→ Data records:
(* Let $\lambda$ be a partition with exactly two parts. Then $C_\lambda(q,t)=C_\lambda(t,q)$.
   Context: For a vector $\vec{k}=(k_1,\dots,k_n)$ of positive integers, $\lambda(\vec{k})$ denotes the partition obtained by sorting its entries decreasingly, and $|\vec{k}|=\sum k_i$. A $\vec{k}$-Dyck path is a word $D=\sigma_1\cdots\sigma_N$, $N=|\vec{k}|+n$, with $n$ red arrows and $|\vec{k}|$ blue arrows $W$, the $j$-th red arrow from the left being $S^{k_j}$ of value $k_j$, each $W$ of value $-1$; ranks $r_1=0$, $r_{m+1}=r_m+(\text{value of }\sigma_m)$ must all be $\ge0$. Starting rank $r(\sigma_m)=r_m$, end rank $\dot r(\sigma_m)=r_{m+1}$; $A<B$ means $A$ is left of $B$. $\mathcal{D}_{\vec{k}}$ is the set of $\vec{k}$-Dyck paths. $\operatorname{area}(D)=\sum_S r(S)$ over red arrows $S$. $\operatorname{dinv}(D)$ = (number of pairs (blue $W$, red $S$) with $W<S$ and $W$ sweeping $S$, i.e. $W$ meets $S$ when moved right past $S$ along a line of slope $0<\epsilon\ll1$, equivalently $r(S)\le r(W)\le\dot r(S)$) $+\sum_{S_i<S_j}\chi(r(S_i)\ge r(S_j)\ \&\ \dot r(S_j)>\dot r(S_i))(\dot r(S_j)-\dot r(S_i))+\sum_{S_i<S_j}\chi(r(S_i)<r(S_j)\ \&\ \dot r(S_j)<\dot r(S_i))(\dot r(S_i)-\dot r(S_j))$ over pairs of red arrows. For a partition $\lambda$, $C_\lambda(q,t)=\sum_{\vec{k}:\ \lambda(\vec{k})=\lambda}\ \sum_{D\in\mathcal{D}_{\vec{k}}} q^{\operatorname{dinv}(D)}t^{\operatorname{area}(D)}$, the outer sum over all vectors $\vec{k}$ whose entries rearrange to $\lambda$. *)

From mathcomp Require Import all_boot all_order all_algebra.
Set Implicit Arguments. Unset Strict Implicit. Unset Printing Implicit Defensive.
Import Order.TTheory GRing.Theory Num.Theory.

(* A word is a seq bool: true = red arrow S, false = blue arrow W.
   Positions are indexed 0 .. N-1. *)

Fixpoint arrow_vals (k : seq nat) (w : seq bool) : seq int :=
  match w with
  | [::] => [::]
  | b :: w' => if b then (Posz (head 0%N k)) :: arrow_vals (behead k) w'
               else (-1)%R :: arrow_vals k w'
  end.

(* ranks r_1, ..., r_{N+1} (stored at indices 0 .. N) *)
Definition ranks (k : seq nat) (w : seq bool) : seq int :=
  0%R :: scanl (fun a b => (a + b)%R) 0%R (arrow_vals k w).

Definition srank k w (m : nat) : int := nth 0%R (ranks k w) m.
Definition erank k w (m : nat) : int := nth 0%R (ranks k w) m.+1.
Definition is_red (w : seq bool) (m : nat) : bool := nth false w m.

Definition is_dyck (k : seq nat) (w : seq bool) : bool :=
  [&& size w == (sumn k + size k)%N, count id w == size k
    & all (fun r : int => (0 <= r)%R) (ranks k w)].

Fixpoint all_words (N : nat) : seq (seq bool) :=
  if N is N'.+1 then [seq b :: u | b <- [:: true; false], u <- all_words N']
  else [:: [::]].

Definition dyck_paths (k : seq nat) : seq (seq bool) :=
  [seq w <- all_words (sumn k + size k) | is_dyck k w].

Definition area (k : seq nat) (w : seq bool) : nat :=
  \sum_(m <- iota 0 (size w) | is_red w m) `|srank k w m|%N.

Definition dinv (k : seq nat) (w : seq bool) : nat :=
  let N := size w in
  (\sum_(i <- iota 0 N) \sum_(j <- iota 0 N)
     [&& ~~ is_red w i, is_red w j, (i < j)%N,
         (srank k w j <= srank k w i)%R & (srank k w i <= erank k w j)%R]
   + \sum_(i <- iota 0 N) \sum_(j <- iota 0 N |
       [&& is_red w i, is_red w j, (i < j)%N,
           (srank k w j <= srank k w i)%R & (erank k w i < erank k w j)%R])
       `|erank k w j - erank k w i|%N
   + \sum_(i <- iota 0 N) \sum_(j <- iota 0 N |
       [&& is_red w i, is_red w j, (i < j)%N,
           (srank k w i < srank k w j)%R & (erank k w j < erank k w i)%R])
       `|erank k w i - erank k w j|%N)%N.

(* C_lambda(q,t), evaluated in an arbitrary commutative ring; the outer sum
   runs over the distinct rearrangements of lambda *)
Definition C_lam (R : comNzRingType) (lam : seq nat) (q t : R) : R :=
  (\sum_(k <- permutations lam) \sum_(w <- dyck_paths k)
      q ^+ dinv k w * t ^+ area k w)%R.

Definition is_partition (lam : seq nat) : bool :=
  sorted geq lam && all (fun x => 0 < x)%N lam.

From mathcomp Require Import all_boot all_order all_algebra.
From mathcomp Require Import zify.
Set Implicit Arguments. Unset Strict Implicit. Unset Printing Implicit Defensive.
Import Order.TTheory GRing.Theory Num.Theory.

(* A (k1,k2)-Dyck path must open with its first red arrow, so it is
   S^k1 W^i S^k2 W^(k1+k2-i) for some 0 <= i <= k1, of area k1 - i.  The i
   blue arrows in the middle start at ranks k1, ..., k1-i+1 and min(i,k2) of
   them sweep the second red arrow; the pair of red arrows adds i - k2 when
   k2 < i < k1 and k2 - k1 when i = k1 < k2.  So dinv is i for i < k1 and k2
   for i = k1, and the (k1,k2)-paths contribute h_k1(q,t) - q^k1 + q^k2, where
   h_n(q,t) = sum_(i <= n) q^i t^(n-i).  Over the two rearrangements of
   (a,b) the corrections cancel, leaving h_a + h_b (or h_a if a = b), which is
   symmetric in q and t. *)

Lemma mem_all_words (w : seq bool) : w \in all_words (size w).
Proof.
elim: w => //= b w IH.
by rewrite !mem_cat; case: b; rewrite (map_f (cons _)) ?orbT.
Qed.

Lemma all_words_uniq N : uniq (all_words N).
Proof.
elim: N => //= N IH.
rewrite cats0 cat_uniq !map_inj_uniq ?IH //; try by move=> x y [].
rewrite andbT; apply/hasPn => x /mapP [u _ ->]; apply/mapP => [[v _]] //.
Qed.

Lemma sum_iota_in_range lo hi N :
  (\sum_(x <- iota 0 N) ((lo <= x) && (x < hi)) = minn hi N - lo)%N.
Proof.
elim: N => [|N IH]; first by rewrite big_nil; lia.
rewrite -addn1 iotaD big_cat big_seq1 IH /=.
by case: (leqP lo N) => ?; case: (ltnP N hi) => ? /=; lia.
Qed.

Lemma split_first_true (s : seq bool) : has id s ->
  exists p s', s = nseq p false ++ true :: s'.
Proof.
elim: s => //= b s IH; case: b => /= [_|/IH [p [s' ->]]]; first by exists 0%N, s.
by exists p.+1, s'.
Qed.

Lemma count_id_eq0 (s : seq bool) : count id s = 0%N -> s = nseq (size s) false.
Proof. by elim: s => //= b s IH; case: b => //= /IH {1}->. Qed.

Lemma sum_nat_andb (T : Type) (r : seq T) (P Q : pred T) :
  (\sum_(x <- r) (P x && Q x) = \sum_(x <- r | P x) Q x)%N.
Proof. by rewrite [RHS]big_mkcond; apply: eq_bigr => x _; case: (P x). Qed.

Definition two_red_word (p q r : nat) : seq bool :=
  nseq p false ++ true :: nseq q false ++ true :: nseq r false.

Lemma size_two_red_word p q r : size (two_red_word p q r) = (p + q + r + 2)%N.
Proof. rewrite /two_red_word size_cat /= size_cat /= !size_nseq; lia. Qed.

Lemma count_two_red_word p q r : count id (two_red_word p q r) = 2.
Proof.
by rewrite /two_red_word count_cat /= count_cat /= !count_nseq /= !mul0n.
Qed.

Lemma two_red_wordP (w : seq bool) : count id w = 2 ->
  exists p q r, w = two_red_word p q r.
Proof.
move=> cw2; have [p [s1 def_w]] : exists p s1, w = nseq p false ++ true :: s1.
  by apply: split_first_true; rewrite has_count cw2.
have cs1 : count id s1 = 1%N.
  by move: cw2; rewrite def_w count_cat count_nseq /= mul0n => -[].
have [q [s2 def_s1]] : exists q s2, s1 = nseq q false ++ true :: s2.
  by apply: split_first_true; rewrite has_count cs1.
have cs2 : count id s2 = 0%N.
  by move: cs1; rewrite def_s1 count_cat count_nseq /= mul0n => -[].
by exists p, q, (size s2); rewrite def_w def_s1 {1}(count_id_eq0 cs2).
Qed.

Lemma index_behead_two_red_word q r :
  index true (behead (two_red_word 0 q r)) = q.
Proof. by rewrite /= index_cat mem_nseq andbF size_nseq /= addn0. Qed.

Lemma arrow_vals_nseq_false k p s :
  arrow_vals k (nseq p false ++ s) = nseq p (-1)%R ++ arrow_vals k s.
Proof. by elim: p => //= p ->. Qed.

Lemma arrow_vals_two_red_word k1 k2 p q r :
  arrow_vals [:: k1; k2] (two_red_word p q r) =
  nseq p (-1)%R ++ Posz k1 :: nseq q (-1)%R ++ Posz k2 :: nseq r (-1)%R.
Proof.
rewrite arrow_vals_nseq_false /= (arrow_vals_nseq_false [:: k2]) /=.
by congr (_ ++ _ :: _ ++ _ :: _); elim: r => //= r ->.
Qed.

Lemma scanl_add_nseq_opp1 (x : int) n :
  scanl (fun a b => a + b)%R x (nseq n (-1)%R) =
  [seq (x - m%:Z)%R | m <- iota 1 n].
Proof.
elim: n x => //= n IH x; rewrite IH (iotaDl 1 1) -map_comp.
by congr (_ :: _); apply: eq_map => m /=; rewrite PoszD opprD addrA.
Qed.

Lemma foldl_add_nseq_opp1 (x : int) n :
  foldl (fun a b => a + b)%R x (nseq n (-1)%R) = (x - n%:Z)%R.
Proof. elim: n x => /= [|n IH] x; rewrite ?IH; lia. Qed.

Lemma ranks_two_red_word k1 k2 p q r :
  let a := (k1%:Z - p%:Z)%R in let b := (a - q%:Z + k2%:Z)%R in
  ranks [:: k1; k2] (two_red_word p q r) =
  0%R :: [seq (- m%:Z)%R | m <- iota 1 p] ++
   a :: [seq (a - m%:Z)%R | m <- iota 1 q] ++
   b :: [seq (b - m%:Z)%R | m <- iota 1 r].
Proof.
rewrite /ranks arrow_vals_two_red_word.
rewrite scanl_cat scanl_add_nseq_opp1 foldl_add_nseq_opp1 /=.
rewrite scanl_cat scanl_add_nseq_opp1 foldl_add_nseq_opp1 /=.
rewrite -[nseq r _]cats0 scanl_cat scanl_add_nseq_opp1 cats0.
by congr (_ :: _ ++ _ :: _ ++ _ :: _); try apply: eq_map => m /=; lia.
Qed.

Lemma srank0 k w : srank k w 0 = 0%R.
Proof. by []. Qed.

Section TwoPartPaths.
Variables k1 k2 i : nat.
Hypothesis i_le_k1 : (i <= k1)%N.
Local Notation k := [:: k1; k2].
Local Notation w := (two_red_word 0 i (k1 + k2 - i)).
Local Notation N := (i + (k1 + k2 - i) + 2)%N.

Lemma is_red_path m : is_red w m = (m == 0%N) || (m == i.+1).
Proof.
rewrite /is_red /two_red_word; case: m => [|m] //=.
rewrite nth_cat size_nseq nth_nseq; case: (ltngtP m i) => [|lt_im|->]; try lia.
  by case E: (m - i)%N => [|m'] /=; [lia | rewrite nth_nseq; case: ifP; lia].
by rewrite subnn eqxx.
Qed.

Lemma srank_path m : (0 < m <= i.+1)%N -> srank k w m = (k1%:Z - m.-1%:Z)%R.
Proof.
rewrite /srank ranks_two_red_word; case: m => [|[|m]] //= lt_mi.
rewrite nth_cat size_map size_iota ifT; last lia.
by rewrite (nth_map 0%N) ?size_iota ?nth_iota; lia.
Qed.

Lemma erank_path0 : erank k w 0 = k1.
Proof. by rewrite /erank -/(srank k w 1) srank_path //; lia. Qed.

Lemma erank_path_second_red : erank k w i.+1 = (k1%:Z - i%:Z + k2%:Z)%R.
Proof.
rewrite /erank ranks_two_red_word /= nth_cat size_map size_iota ltnn subnn /=.
lia.
Qed.

Lemma is_dyck_path : is_dyck k w.
Proof.
rewrite /is_dyck size_two_red_word count_two_red_word ranks_two_red_word /=.
apply/andP; split; first by apply/eqP; lia.
rewrite all_cat /= !all_map; apply/and3P; split; try lia.
all: by apply/allP => m; rewrite mem_iota /=; lia.
Qed.

Lemma sum_over_red (F : nat -> nat) :
  (\sum_(m <- iota 0 N | is_red w m) F m = F 0 + F i.+1)%N.
Proof.
have red_pos : perm_eq [seq m <- iota 0 N | is_red w m] [:: 0%N; i.+1].
  apply: uniq_perm => [||m]; first by rewrite filter_uniq ?iota_uniq.
    by [].
  by rewrite mem_filter is_red_path mem_iota !inE; lia.
by rewrite -big_filter (perm_big _ red_pos) big_cons big_seq1.
Qed.

Lemma sum_over_red_pairs (P : nat -> nat -> bool) (G : nat -> nat -> nat) :
  (\sum_(x <- iota 0 N) \sum_(j <- iota 0 N |
      [&& is_red w x, is_red w j, x < j & P x j]) G x j
   = if P 0%N i.+1 then G 0%N i.+1 else 0)%N.
Proof.
transitivity (\sum_(x <- iota 0 N | is_red w x) \sum_(j <- iota 0 N | is_red w j)
                (if (x < j) && P x j then G x j else 0))%N.
  rewrite [RHS]big_mkcond; apply: eq_bigr => x _.
  by case: (is_red w x) => /=; [rewrite big_mkcondr | rewrite big_pred0].
by rewrite sum_over_red !sum_over_red !add0n ltnn addn0.
Qed.

Lemma area_path : area k w = (k1 - i)%N.
Proof.
rewrite /area size_two_red_word add0n sum_over_red srank0.
by rewrite (srank_path (m := i.+1)) //; lia.
Qed.

Lemma dinv_path : dinv k w = if (i < k1)%N then i else k2.
Proof.
have blue_sweeps : (\sum_(x <- iota 0 N) \sum_(j <- iota 0 N)
    [&& ~~ is_red w x, is_red w j, x < j, (srank k w j <= srank k w x)%R
      & (srank k w x <= erank k w j)%R] = minn i k2)%N.
  transitivity (\sum_(x <- iota 0 N)
                  ((maxn 1 (i.+1 - k2) <= x) && (x < i.+1)) : nat)%N;
    last by rewrite sum_iota_in_range; lia.
  apply: eq_bigr => x _; under eq_bigr do rewrite andbCA.
  rewrite sum_nat_andb sum_over_red ltn0 andbF add0n.
  rewrite is_red_path srank_path ?erank_path_second_red ?leqnn //.
  case: x => [|x] /=; first by rewrite geq_max.
  have [lt_xi|le_ix] := ltnP x i; last by rewrite ltnS ltnNge le_ix !andbF.
  by rewrite srank_path /=; lia.
rewrite /dinv size_two_red_word add0n blue_sweeps !sum_over_red_pairs.
rewrite srank0 srank_path ?erank_path0 ?erank_path_second_red ?leqnn //.
by do 3 case: ifP => ?; lia.
Qed.

End TwoPartPaths.

Lemma mem_dyck_paths_two_parts k1 k2 w :
  (w \in dyck_paths [:: k1; k2]) =
  (w \in [seq two_red_word 0 i (k1 + k2 - i) | i <- iota 0 k1.+1]).
Proof.
rewrite /dyck_paths mem_filter.
apply/andP/mapP => [[/and3P [size_w count_w ranks_w] _]|].
  have [p [q [r {count_w}def_w]]] := two_red_wordP (eqP count_w); subst w.
  rewrite ranks_two_red_word size_two_red_word in ranks_w size_w.
  case: p ranks_w size_w => [|p] //= ranks_w /eqP size_w.
  move: ranks_w; rewrite all_cat all_map => /andP [/allP ranks_q _].
  have le_qk1 : (q <= k1)%N.
    case: (leqP q k1) => // lt_k1q.
    by have := ranks_q k1.+1; rewrite mem_iota /=; lia.
  by exists q; [rewrite inE mem_iota | congr two_red_word]; lia.
move=> [i]; rewrite mem_iota /= ltnS => le_ik1 ->.
split; first exact: is_dyck_path.
have -> : (k1 + (k2 + 0) + 2 = size (two_red_word 0 i (k1 + k2 - i)))%N.
  by rewrite size_two_red_word; lia.
exact: mem_all_words.
Qed.

Lemma dyck_paths_two_parts k1 k2 : perm_eq (dyck_paths [:: k1; k2])
  [seq two_red_word 0 i (k1 + k2 - i) | i <- iota 0 k1.+1].
Proof.
apply: uniq_perm; last exact: mem_dyck_paths_two_parts.
  by rewrite filter_uniq ?all_words_uniq.
rewrite map_inj_uniq ?iota_uniq // => x y /(congr1 (index true \o behead)) /=.
by rewrite !index_behead_two_red_word.
Qed.

Lemma sum_dyck_paths_two_parts (R : comNzRingType) k1 k2 (q t : R) :
  (\sum_(w <- dyck_paths [:: k1; k2])
      q ^+ dinv [:: k1; k2] w * t ^+ area [:: k1; k2] w =
   \sum_(0 <= i < k1) q ^+ i * t ^+ (k1 - i) + q ^+ k2)%R.
Proof.
rewrite (perm_big _ (dyck_paths_two_parts k1 k2)) big_map.
rewrite -/(index_iota 0 k1.+1).
rewrite big_nat_recr //= area_path // dinv_path // ltnn subnn mulr1.
congr (_ + _)%R; apply: eq_big_nat => i /andP [_ lt_ik1].
by rewrite area_path ?dinv_path ?lt_ik1 // ltnW.
Qed.

Definition complete_hom (R : comNzRingType) (n : nat) (q t : R) : R :=
  (\sum_(0 <= i < n.+1) q ^+ i * t ^+ (n - i))%R.

Lemma complete_homE (R : comNzRingType) n (q t : R) :
  complete_hom n q t = (\sum_(0 <= i < n) q ^+ i * t ^+ (n - i) + q ^+ n)%R.
Proof. by rewrite /complete_hom big_nat_recr //= subnn mulr1. Qed.

Lemma complete_homC (R : comNzRingType) n (q t : R) :
  complete_hom n q t = complete_hom n t q.
Proof.
rewrite /complete_hom big_nat_rev; apply: eq_big_nat => i /andP [_ lt_in].
by rewrite add0n subSS subKn 1?mulrC.
Qed.

Lemma permutations_pair (T : eqType) (a b : T) : permutations [:: a; b] =
  if a == b then [:: [:: a; a]] else [:: [:: a; b]; [:: b; a]].
Proof.
rewrite /permutations /tally /= /incr_tally /=.
by case: eqVneq => [->|]; rewrite ?eqxx // eq_sym => /negbTE ->.
Qed.

Lemma C_lam_pair (R : comNzRingType) a b (q t : R) : C_lam [:: a; b] q t =
  if a == b then complete_hom a q t
  else (complete_hom a q t + complete_hom b q t)%R.
Proof.
rewrite /C_lam permutations_pair !complete_homE.
case: eqVneq => [->|_];
  rewrite !big_cons big_nil !addr0 !sum_dyck_paths_two_parts //.
by rewrite addrACA [in RHS]addrACA (addrC (q ^+ b)%R).
Qed.

Theorem mainTheorem3 (R : comNzRingType) (lam : seq nat) :
  is_partition lam -> size lam = 2 ->
  forall q t : R, C_lam lam q t = C_lam lam t q.
Proof.
(* The order of the parts is irrelevant: C_lam sums over all rearrangements. *)
move=> _ size_lam q t; case: lam size_lam => [|a [|b []]] // _.
by rewrite !C_lam_pair (complete_homC a) (complete_homC b).
Qed.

→ What the exercise asks: Taking the listing above as the source, transcribe only the lines starting at the line with "Lemma C_lam_pair (R" and going through the line with "case: eqVneq => [->|_];", unaltered and with both ends included.

→ Your response:
Lemma C_lam_pair (R : comNzRingType) a b (q t : R) : C_lam [:: a; b] q t =
  if a == b then complete_hom a q t
  else (complete_hom a q t + complete_hom b q t)%R.
Proof.
rewrite /C_lam permutations_pair !complete_homE.
case: eqVneq => [->|_];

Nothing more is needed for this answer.